**Exercise objective**
Return exactly the span of lines in the following data that opens with the line containing "[set p | exists" and closes with the line containing "(* Euclidean closure". Include nothing else.

**Data provided**

(* Let $K$ be an algebraically closed field with a nontrivial non-Archimedean valuation. (i) For $n=1$, for every finite quiver $Q$, every $Q$-representation $R$ with $R_i=K^1$ for all vertices $i$, and every dimension vector $\mathbf{d}$, one has $\operatorname{QDr}(R,\mathbf{d};1)=\overline{\operatorname{trop}}(\operatorname{QGr}(R,\mathbf{d};1))$. (ii) For every $n\ge2$, for every finite quiver $Q$, $Q$-representation $R$ with $R_i=K^n$ and dimension vector $\mathbf{d}$, one has $\overline{\operatorname{trop}}(\operatorname{QGr}(R,\mathbf{d};n))\subseteq\operatorname{QDr}(R,\mathbf{d};n)$, and there exist a finite quiver $Q$, a $Q$-representation $R$ with $R_i=K^n$, and a dimension vector $\mathbf{d}$ for which this containment is strict.
   Context: A finite quiver $Q=(V,A,s,t)$; a $Q$-representation $R$ assigns $R_i=K^n$ to each vertex and a matrix $A^{\alpha}\in K^{n\times n}$ to each arrow $\alpha$. A dimension vector is $\mathbf{d}=(d_i)_{i\in V}$ with $0\le d_i\le n$. A subrepresentation consists of subspaces $N_i\subseteq K^n$ with $A^\alpha N_{s(\alpha)}\subseteq N_{t(\alpha)}$. $\operatorname{QGr}(R,\mathbf{d};n)$ is the set of subrepresentations with $\dim N_i=d_i$, embedded in $\prod_i\mathbb{P}^{\binom{n}{d_i}-1}$ via Plücker coordinates; $\overline{\operatorname{trop}}(\operatorname{QGr}(R,\mathbf{d};n))$ is the Euclidean closure in $\prod_i\mathbb{P}(\mathbb{T}^{\binom{n}{d_i}})$ of the coordinatewise valuations of its points, where $\mathbb{T}=\mathbb{R}\cup\{\infty\}$ and $\mathbb{P}(\mathbb{T}^N)=(\mathbb{T}^N\setminus\{(\infty,\dots,\infty)\})/\mathbb{R}\mathbf{1}$. Quiver Dressian $\operatorname{QDr}(R,\mathbf{d};n)$: tuples $(p^{(i)})_{i\in V}$, $p^{(i)}\in\mathbb{P}(\mathbb{T}^{\binom{n}{d_i}})$, such that for each vertex $i$ ($r=d_i$) and all $I\in\binom{[n]}{r-1}$, $J\in\binom{[n]}{r+1}$ the minimum $\min_{j\in J\setminus I}(p^{(i)}_{I\cup j}+p^{(i)}_{J\setminus j})$ is attained at least twice, and for each arrow $\alpha$ ($r=d_{s(\alpha)}$, $s=d_{t(\alpha)}$) and all $I\in\binom{[n]}{r-1}$, $J\in\binom{[n]}{s+1}$ the minimum $\min_{j\in[n]\setminus I,i\in J}(\mathrm{val}(A^{\alpha}_{i,j})+p^{(s(\alpha))}_{I\cup j}+p^{(t(\alpha))}_{J\setminus i})$ is attained at least twice (a minimum equal to $\infty$ counts as attained twice). These are the tropicalizations of the Grassmann–Plücker relations and of the quiver Plücker relations $\sum_{j\in[n]\setminus I,i\in J}\pm(A^\alpha)_{i,j}p_{I\cup j}p_{J\setminus i}$, whose common zero set is $\operatorname{QGr}(R,\mathbf{d};n)$. *)

From HB Require Import structures.
From mathcomp Require Import all_boot all_order all_algebra.
From mathcomp Require Import all_classical all_reals all_analysis.
Unset Printing Implicit Defensive.
Import Order.TTheory GRing.Theory Num.Theory.
Local Open Scope classical_set_scope.
Local Open Scope ring_scope.

Definition nontriv_nonarch_valuation {K : fieldType} {R : realType}
    (v : K -> \bar R) : Prop :=
  [/\ (forall x, v x = +oo%E <-> x = 0),
      (forall x, v x != -oo%E),
      (forall x y, v (x * y)%R = (v x + v y)%E),
      (forall x y, (Order.min (v x) (v y) <= v (x + y)%R)%E)
    & (exists x, x != 0 /\ v x != 0%E)].

(* Plücker coordinates of all vertices are gathered into one finite index type:
   pairs (vertex i, subset I of [n]) with #|I| = d_i. *)
Definition Coord (V : finType) (n : nat) (d : V -> nat) : finType :=
  {x : V * {set 'I_n} | #|x.2| == d x.1}.

(* The Plücker coordinate p_I of the row space of B (a d x n matrix, whose rows
   form a basis of the subspace), i.e. the maximal minor on the columns in I
   (taken in increasing order). *)
Definition plucker {K : fieldType} {d n : nat} (B : 'M[K]_(d, n))
    (I : {set 'I_n}) (h : #|I| = d) : K :=
  \det (\matrix_(r < d, c < d) B r (enum_val (cast_ord (esym h) c))).

(* Reading a tropical Plücker vector at (i, X); junk value +oo if #|X| != d_i
   (never used with such X below). *)
Definition pcoord {R : realType} {V : finType} {n : nat} {d : V -> nat}
    (p : Coord V n d -> \bar R) (i : V) (X : {set 'I_n}) : \bar R :=
  if insub (i, X) is Some c then p c else +oo%E.

Definition min_twice {R : realType} {T : finType} (P : pred T) (f : T -> \bar R) :
    Prop :=
  let m := \big[Order.min/+oo%E]_(t | P t) f t in
  m = +oo%E \/
  exists t1 t2, [/\ t1 != t2, P t1, P t2, f t1 = m & f t2 = m].

(* The ambient space: tuples (p^(i))_i with p^(i) in T^{binom(n,d_i)} \ {(oo,..,oo)}
   (representatives of points of prod_i P(T^{binom(n,d_i)})). *)
Definition tropproj {R : realType} {V : finType} {n : nat} {d : V -> nat} :
    set (Coord V n d -> \bar R) :=
  [set p | (forall x, p x != -oo%E) /\
           (forall i : V, exists x : Coord V n d, (val x).1 = i /\ p x != +oo%E)].

(* Quiver Dressian (as a set of representatives; it is invariant under
   adding a real constant to each p^(i)). *)
Definition QDr {K : fieldType} {R : realType} (v : K -> \bar R)
    {V Arr : finType} (src tgt : Arr -> V) {n : nat} (A : Arr -> 'M[K]_n)
    (d : V -> nat) : set (Coord V n d -> \bar R) :=
  [set p | tropproj p /\
    (forall (i : V) (I J : {set 'I_n}), #|I|.+1 = d i -> #|J| = (d i).+1 ->
       min_twice (fun j : 'I_n => (j \in J) && (j \notin I))
         (fun j => pcoord p i (j |: I) + pcoord p i (J :\ j))%E) /\
    (forall (a : Arr) (I J : {set 'I_n}),
       #|I|.+1 = d (src a) -> #|J| = (d (tgt a)).+1 ->
       min_twice (fun ji : 'I_n * 'I_n => (ji.1 \notin I) && (ji.2 \in J))
         (fun ji => v (A a ji.2 ji.1) + pcoord p (src a) (ji.1 |: I)
                    + pcoord p (tgt a) (J :\ ji.2))%E)].

Definition plucker_vec {K : fieldType} {V : finType} {n : nat} {d : V -> nat}
    (B : forall i : V, 'M[K]_(d i, n)) (x : Coord V n d) : K :=
  plucker (B (val x).1) (val x).2 (eqP (valP x)).

(* Tropicalization of QGr(R,d;n): coordinatewise valuations of the Plücker
   coordinates of subrepresentations (N_i = row space of B_i, of dimension d_i;
   A^a N_{s(a)} ⊆ N_{t(a)} in column-vector convention, i.e.
   rowspace(B_s * (A^a)^T) ⊆ rowspace(B_t)), up to a real shift per vertex. *)
Definition tropQGr {K : fieldType} {R : realType} (v : K -> \bar R)
    {V Arr : finType} (src tgt : Arr -> V) {n : nat} (A : Arr -> 'M[K]_n)
    (d : V -> nat) : set (Coord V n d -> \bar R) :=
  [set p | exists (B : forall i : V, 'M[K]_(d i, n)) (c : V -> R),
    [/\ (forall i, row_free (B i)),
        (forall a, (B (src a) *m (A a)^T <= B (tgt a))%MS)
      & (forall x, p x = (v (plucker_vec B x) + (c (val x).1)%:E)%E)]].

(* Euclidean closure inside prod_i P(T^{binom(n,d_i)}); since tropQGr is
   invariant under the shifts and the quotient map is open, this is the
   preimage of the closure in the quotient. *)
Definition tropQGr_closure {K : fieldType} {R : realType} (v : K -> \bar R)
    {V Arr : finType} (src tgt : Arr -> V) {n : nat} (A : Arr -> 'M[K]_n)
    (d : V -> nat) : set (Coord V n d -> \bar R) :=
  @closure {ptws Coord V n d -> \bar R} (tropQGr v src tgt A d) `&` @tropproj R V n d.

From HB Require Import structures.
From mathcomp Require Import all_boot all_order all_algebra.
From mathcomp Require Import all_classical all_reals all_analysis.
From mathcomp Require Import perm ring lra.
Import Order.TTheory GRing.Theory Num.Theory.
Local Open Scope classical_set_scope.
Local Open Scope ring_scope.

(* Containment: the Grassmann-Plücker and quiver Plücker relations are signed
   sums of products of Plücker coordinates which vanish on every
   subrepresentation.  Since the valuation is non-Archimedean, the minimal
   valuation among the terms of a vanishing sum is attained twice, and this
   survives passing to the closure because every tropical term depends
   continuously on the tropical point.

   n = 1: every vertex carries a single Plücker coordinate, which is finite, so
   a point of the Dressian is realised by the subspaces 0 or K of the right
   dimensions; the only condition, that an arrow from K to 0 must vanish, is
   exactly the one-term quiver relation.

   n >= 2: one vertex with a loop acting by diag(1, c, 0, ..., 0), where
   v c = 0 and c <> 1, and d = 1.  The point with value 0 on e_0, e_1 and +oo
   elsewhere satisfies all tropical relations, but a realisable point close to
   it is a line spanned by an eigenvector with nonzero e_0 and e_1
   coordinates, which forces c = 1. *)

Section PluckerRelations.
Context {K : fieldType}.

**Expected output**
  [set p | exists (B : forall i : V, 'M[K]_(d i, n)) (c : V -> R),
    [/\ (forall i, row_free (B i)),
        (forall a, (B (src a) *m (A a)^T <= B (tgt a))%MS)
      & (forall x, p x = (v (plucker_vec B x) + (c (val x).1)%:E)%E)]].

(* Euclidean closure inside prod_i P(T^{binom(n,d_i)}); since tropQGr is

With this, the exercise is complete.